Wheat is poured on the ground at a rate of 12 ft^3/s. The pile forms a cone whose altitude is always three fourths of the radius. Find the rate at which the altitude is increasing when the altitude is 6.0 ft.

To find the rate at which the altitude is increasing when the altitude is 6.0 ft, we can use related rates. We need to determine the relationship between the altitude and the radius of the cone as the wheat is being poured.

Let's denote the radius of the cone as "r" and the altitude as "h". The problem states that the altitude is always three fourths of the radius, so we have the equation:

h = 3/4 * r

To solve this problem, we need to find the rate at which the altitude is increasing with respect to time (dh/dt) when the altitude is 6.0 ft. In other words, we need to find dh/dt when h = 6.0 ft.

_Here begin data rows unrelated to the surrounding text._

(* [z], [b] and [u] stand for e^{i pi/4k}, e^{i j pi/4k} and e^{i omega}. *)
Section MonadSymmetry.
Variables (F : fieldType) (k : nat).
Variables (A B g G : 'M[F]_k) (C : 'M[F]_(k, 2)) (D : 'M[F]_(2, k)) (z b u : F).
Hypotheses (z_neq0 : z != 0) (b_neq0 : b != 0) (u_neq0 : u != 0).
Hypotheses (A_unit : A \in unitmx) (g_unit : g \in unitmx).
Hypothesis monad_eq : A *m B - B *m A + C *m D = 0.
Hypothesis gAg : b ^+ 4 *: A = g *m A *m invmx g.
Hypothesis gBg : z ^+ 4 *: B = g *m (B - col 0 C *m row 0 D *m invmx A) *m invmx g.
Hypothesis gC1 : (z ^+ 2 * b) *: col 0 C = u *: (g *m col 1 C).
Hypothesis gAC0 : (z ^+ 2 * b ^+ 3) *: col 1 C = u^-1 *: (g *m A *m col 0 C).
Hypothesis D1g : (z ^+ 2 * b ^+ 3) *: row 0 D = u^-1 *: (row 1 D *m invmx g).
Hypothesis D0Ag : (z ^+ 2 * b) *: row 1 D = u *: (row 0 D *m invmx A *m invmx g).

Hypothesis G_def : G = (b ^+ 2)^-1 *: (g *m g *m A).

Let b4_neq0 : b ^+ 4 != 0 := expf_neq0 4 b_neq0.

Lemma gA_comm : g *m A = b ^+ 4 *: (A *m g).
Proof. by rewrite scalemxAl gAg mulmxKV. Qed.

Lemma Ag_comm : A *m g = (b ^+ 4)^-1 *: (g *m A).
Proof. by rewrite gA_comm scalerK ?b4_neq0. Qed.

Lemma g_col1 : g *m col 1 C = (u^-1 * (z ^+ 2 * b)) *: col 0 C.
Proof. by rewrite -scalerA gC1 scalerK. Qed.

Lemma gA_col0 : g *m A *m col 0 C = (u * (z ^+ 2 * b ^+ 3)) *: col 1 C.
Proof. by rewrite -scalerA gAC0 scalerA mulfV // scale1r. Qed.

Lemma row1_ginv : row 1 D *m invmx g = (u * (z ^+ 2 * b ^+ 3)) *: row 0 D.
Proof. by rewrite -scalerA D1g scalerA mulfV // scale1r. Qed.

Lemma row0_Ainv_ginv :
  row 0 D *m invmx A *m invmx g = (u^-1 * (z ^+ 2 * b)) *: row 1 D.
Proof. by rewrite -scalerA D0Ag scalerK. Qed.

Lemma g_col0 : g *m col 0 C = (u * (z ^+ 2 * b ^+ 3) / b ^+ 4) *: (invmx A *m col 1 C).
Proof.
rewrite -[g *m _](mulKmx A_unit) (mulmxA A) -[A *m g](scalerK b4_neq0) -gA_comm.
by rewrite -scalemxAl gA_col0 -!scalemxAr scalerA mulrC.
Qed.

We are also given that the wheat is poured on the ground at a rate of 12 ft^3/s.

To find the rate at which the altitude is increasing, we can differentiate both sides of the equation h = 3/4 * r with respect to time (t). This gives us:

dh/dt = 3/4 * dr/dt

Now we need to find dr/dt, which represents the rate at which the radius is changing with respect to time. Since wheat is being poured on the ground, the volume of the cone is increasing, which means the radius is also changing with time.

To find dr/dt, we can relate the volume of the cone to the rate at which the wheat is being poured. The volume (V) of a cone is given by the formula:

V = 1/3 * π * r^2 * h

Since the wheat is being poured at a rate of 12 ft^3/s, we can express the change in volume with respect to time (dV/dt) as:

dV/dt = 12 ft^3/s

We can rewrite the volume equation in terms of r and h:

V = 1/3 * π * r^2 * (3/4 * r)

Now, differentiate both sides of the volume equation with respect to time (t):

dV/dt = 1/3 * π * (2r * dr/dt * h + r^2 * dh/dt)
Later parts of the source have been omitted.